What are the principal components in a 3D Biplot after k-means clustering?

Luq

New Contributor

Joined:

Jan 11, 2017

Hi,

 

I have clustered a dataset with n=5008 using the kmeans clustering algorithm. One option for a visualization is the 3D biplot that uses 3 axes with the principal components. Unfortunately, I can not find a clear explanation where it comes from. My guess is, that simply the variables used for clustering are used for a principal component analysis, but i have no proof.

 

Thank you for your help!

Seb

2 REPLIES
txnelson

Super User

Joined:

Jun 22, 2012

I selected the "?" tool and clicked on the 3D biplot and the help screen for the K Means Clustering Report Options was displayed.  Here is part of its verbage:

 

Biplot
Shows a plot of the points and clusters in the first two principal components of the data. Circles are drawn around the cluster centers. The size of the circles is proportional to the count inside the cluster. The shaded area is the 50% density contour around the mean, and indicates where 50% of the observations in that cluster would fall (Mardia et al., 1980). Below the plot is an option to save the cluster colors to the data table. The eigenvalues are shown in decreasing order.
Biplot Options
Contains the following options for controlling the appearance of the Biplot:
Show Biplot Rays
Shows the biplot rays. The labeled rays show the directions of the covariates in the subspace defined by the principal components. They represent the degree of association of each variable with each principal component.
Biplot Ray Position
Enables you to specify the position and radius scaling of the biplot rays. By default, the rays emanate from the point (0,0).
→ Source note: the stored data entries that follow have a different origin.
Theorem lemma3p1 (R : rcfType) (n : nat) (G : 'A[R]_n) (T : form3 R n) :
  so_subalg G -> alt3 T -> (forall X : 'rV[R]_n, (Tx T X \in G)%MS) ->
  [/\ (forall X Y, RTf T X Y = Rapp (RTc T) X Y) /\ Kmem G (RTc T),
      alt4 (OmegaT T) /\ (forall X Y, (contr2 (OmegaT T) X Y \in G)%MS),
      ((forall X Y, RTf T X Y = 0) <-> (forall i j k, T i j k = 0))
    & (irreducible G -> dimK1 G ->
       forall X Y, form2_dot (Tx T X) (Tx T Y) = 3 / n%:R * form3_norm2 T * vdot X Y)].
Proof.
move=> hG hT hTG; split.
- by split; [exact: RTf_Rapp | exact: RT_in_K].
- by split; [exact: OmegaT_alt | exact: OmegaT_contr2_mem].
- exact: RT_eq0_iff.
- exact: Tx_dot_identity.
Qed.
In the plot, you can drag the rays or use this option to specify coordinates. You can also adjust the scaling of the rays to make them more visible with the radius scaling option.
Mark Clusters
Assigns markers that identify the clusters to the rows of the data table.
Biplot 3D
Shows a three-dimensional biplot of the data. Available only when there are three or more variables.
 
 

And as seen below the 3D Biplot is just an expansion on the 2D Biplot, so the 2D Biplot definition also describes the 3D Biplot

biplot.PNG

 

I hope this is helpful

Jim
Luq

New Contributor

Joined:

Jan 11, 2017

Hi Jim,

 

thank you for your answer. I think I am on the right track. I'm still wondering about the definition. It says the "principal components of the data". It is not clear if the PCA ist based on the whole dataset and used in the visualization of the kmeans-clustering result or it is based in the variables used for clustering. I guess it is the latter case, It is not clearly stated though.

 

Thanks,

Seb